____ Material for this task

(* Let $\Omega$ be a finite set and let $P=(p_i)_{i\in\Omega}$ and $Q=(q_i)_{i\in\Omega}$ be probability distributions on $\Omega$, both with support $\Omega$. Let $(e_i)_{i\in\Omega}$ be independent $\mathrm{Exp}(1)$ random variables, and set $\tilde{x}=\arg\min_{i\in\Omega} e_i/q_i$ (the drafted token) and $x^{next}=\arg\min_{i\in\Omega} e_i/p_i$. Let $P_{accept}^{(1)}=\Pr[\tilde{x}=x^{next}]$ be the probability that the first drafted token is accepted in exponential race speculative decoding. Then $$1-D_{TV}[P,Q]\;\ge\; P_{accept}^{(1)}\;\ge\; D_{HM}[P,Q],$$ where $D_{TV}[P,Q]=\frac12\sum_{i\in\Omega}|p_i-q_i|$ and $D_{HM}[P,Q]=\sum_{i\in\Omega}\frac{p_iq_i}{p_i+q_i}$.
   Context: In exponential race speculative decoding, given the context, the draft model's next-token distribution is $Q$ and the target model's next-token distribution is $P$; one drafts the winner of the exponential race under $Q$ and accepts it iff it is also the winner of the race under $P$ driven by the same exponential variables $(e_i)$. *)

From HB Require Import structures.
From mathcomp Require Import all_boot all_order all_algebra.
From mathcomp Require Import all_classical all_reals all_analysis.
Set Implicit Arguments. Unset Strict Implicit. Unset Printing Implicit Defensive.
Import Order.TTheory GRing.Theory Num.Theory.
Local Open Scope classical_set_scope.
Local Open Scope ring_scope.

Definition full_support_distr (R : realType) (Omega : finType) (p : Omega -> R) :=
  (forall i, 0 < p i) /\ \sum_(i : Omega) p i = 1.

(* Mutual independence of a finite family of real random variables:
   product rule for all families of Borel events (taking B_i = setT
   recovers every subfamily). *)
Definition mutually_independent (d : measure_display) (T : measurableType d)
    (R : realType) (P : probability T R) (I : finType) (X : I -> {RV P >-> R}) :=
  forall B : I -> set R, (forall i, measurable (B i)) ->
    P (\bigcap_(i in [set: I]) (X i @^-1` B i)) =
    (\prod_(i : I) P (X i @^-1` B i))%E.

(* Winner of the exponential race driven by e under weights w:
   argmin_i e_i / w_i (ties, a null event, broken by the library's arg_min
   starting from the default element i0). *)
Definition race_winner (R : realType) (Omega : finType) (i0 : Omega)
    (w : Omega -> R) (e : Omega -> R) : Omega :=
  Order.arg_min i0 xpredT (fun i => e i / w i).

Definition D_TV (R : realType) (Omega : finType) (p q : Omega -> R) : R :=
  2^-1 * \sum_(i : Omega) `|p i - q i|.

Definition D_HM (R : realType) (Omega : finType) (p q : Omega -> R) : R :=
  \sum_(i : Omega) p i * q i / (p i + q i).

From HB Require Import structures.
From mathcomp Require Import all_boot all_order all_algebra.
From mathcomp Require Import all_classical all_reals all_analysis.
From mathcomp Require Import ring lra.
Set Implicit Arguments. Unset Strict Implicit. Unset Printing Implicit Defensive.
Import Order.TTheory GRing.Theory Num.Theory.
Local Open Scope classical_set_scope.
Local Open Scope ring_scope.

(* Write K = 1 + sum_(j <> i) 1 / c_j.  The event that 0 < e_i < c_j e_j for all
   j <> i has probability 1 / K; only the lower bound is needed, and it is obtained
   without integration: slicing e_i into the intervals ](k+1)δ, (k+2)δ] and using
   independence on the resulting rectangles gives Riemann sums of
   \int_0^oo e^(-tK) dt = 1 / K.  With c_j = w_k / w_j this says that k wins the
   race under w with probability at least w_k, hence exactly w_k since both sides
   sum to 1.  So both races are won by k with probability at most min(p_k, q_k),
   and these sum to 1 - D_TV; and with probability at least that of k winning with
   the handicaps min(q_k / q_j, p_k / p_j), which is at least
   1 / (1/p_k + 1/q_k) = p_k q_k / (p_k + q_k), and these sum to D_HM. *)

Section expR_riemann_sums.
Variable R : realType.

________

◆ **What is required**:
Reproduce the entries exactly. Every word has to stay the same.

◆ **Task result**:
(* Let $\Omega$ be a finite set and let $P=(p_i)_{i\in\Omega}$ and $Q=(q_i)_{i\in\Omega}$ be probability distributions on $\Omega$, both with support $\Omega$. Let $(e_i)_{i\in\Omega}$ be independent $\mathrm{Exp}(1)$ random variables, and set $\tilde{x}=\arg\min_{i\in\Omega} e_i/q_i$ (the drafted token) and $x^{next}=\arg\min_{i\in\Omega} e_i/p_i$. Let $P_{accept}^{(1)}=\Pr[\tilde{x}=x^{next}]$ be the probability that the first drafted token is accepted in exponential race speculative decoding. Then $$1-D_{TV}[P,Q]\;\ge\; P_{accept}^{(1)}\;\ge\; D_{HM}[P,Q],$$ where $D_{TV}[P,Q]=\frac12\sum_{i\in\Omega}|p_i-q_i|$ and $D_{HM}[P,Q]=\sum_{i\in\Omega}\frac{p_iq_i}{p_i+q_i}$.
   Context: In exponential race speculative decoding, given the context, the draft model's next-token distribution is $Q$ and the target model's next-token distribution is $P$; one drafts the winner of the exponential race under $Q$ and accepts it iff it is also the winner of the race under $P$ driven by the same exponential variables $(e_i)$. *)

From HB Require Import structures.
From mathcomp Require Import all_boot all_order all_algebra.
From mathcomp Require Import all_classical all_reals all_analysis.
Set Implicit Arguments. Unset Strict Implicit. Unset Printing Implicit Defensive.
Import Order.TTheory GRing.Theory Num.Theory.
Local Open Scope classical_set_scope.
Local Open Scope ring_scope.

Definition full_support_distr (R : realType) (Omega : finType) (p : Omega -> R) :=
  (forall i, 0 < p i) /\ \sum_(i : Omega) p i = 1.

(* Mutual independence of a finite family of real random variables:
   product rule for all families of Borel events (taking B_i = setT
   recovers every subfamily). *)
Definition mutually_independent (d : measure_display) (T : measurableType d)
    (R : realType) (P : probability T R) (I : finType) (X : I -> {RV P >-> R}) :=
  forall B : I -> set R, (forall i, measurable (B i)) ->
    P (\bigcap_(i in [set: I]) (X i @^-1` B i)) =
    (\prod_(i : I) P (X i @^-1` B i))%E.

(* Winner of the exponential race driven by e under weights w:
   argmin_i e_i / w_i (ties, a null event, broken by the library's arg_min
   starting from the default element i0). *)
Definition race_winner (R : realType) (Omega : finType) (i0 : Omega)
    (w : Omega -> R) (e : Omega -> R) : Omega :=
  Order.arg_min i0 xpredT (fun i => e i / w i).

Definition D_TV (R : realType) (Omega : finType) (p q : Omega -> R) : R :=
  2^-1 * \sum_(i : Omega) `|p i - q i|.

Definition D_HM (R : realType) (Omega : finType) (p q : Omega -> R) : R :=
  \sum_(i : Omega) p i * q i / (p i + q i).

From HB Require Import structures.
From mathcomp Require Import all_boot all_order all_algebra.
From mathcomp Require Import all_classical all_reals all_analysis.
From mathcomp Require Import ring lra.
Set Implicit Arguments. Unset Strict Implicit. Unset Printing Implicit Defensive.
Import Order.TTheory GRing.Theory Num.Theory.
Local Open Scope classical_set_scope.
Local Open Scope ring_scope.

(* Write K = 1 + sum_(j <> i) 1 / c_j.  The event that 0 < e_i < c_j e_j for all
   j <> i has probability 1 / K; only the lower bound is needed, and it is obtained
   without integration: slicing e_i into the intervals ](k+1)δ, (k+2)δ] and using
   independence on the resulting rectangles gives Riemann sums of
   \int_0^oo e^(-tK) dt = 1 / K.  With c_j = w_k / w_j this says that k wins the
   race under w with probability at least w_k, hence exactly w_k since both sides
   sum to 1.  So both races are won by k with probability at most min(p_k, q_k),
   and these sum to 1 - D_TV; and with probability at least that of k winning with
   the handicaps min(q_k / q_j, p_k / p_j), which is at least
   1 / (1/p_k + 1/q_k) = p_k q_k / (p_k + q_k), and these sum to D_HM. *)

Section expR_riemann_sums.
Variable R : realType.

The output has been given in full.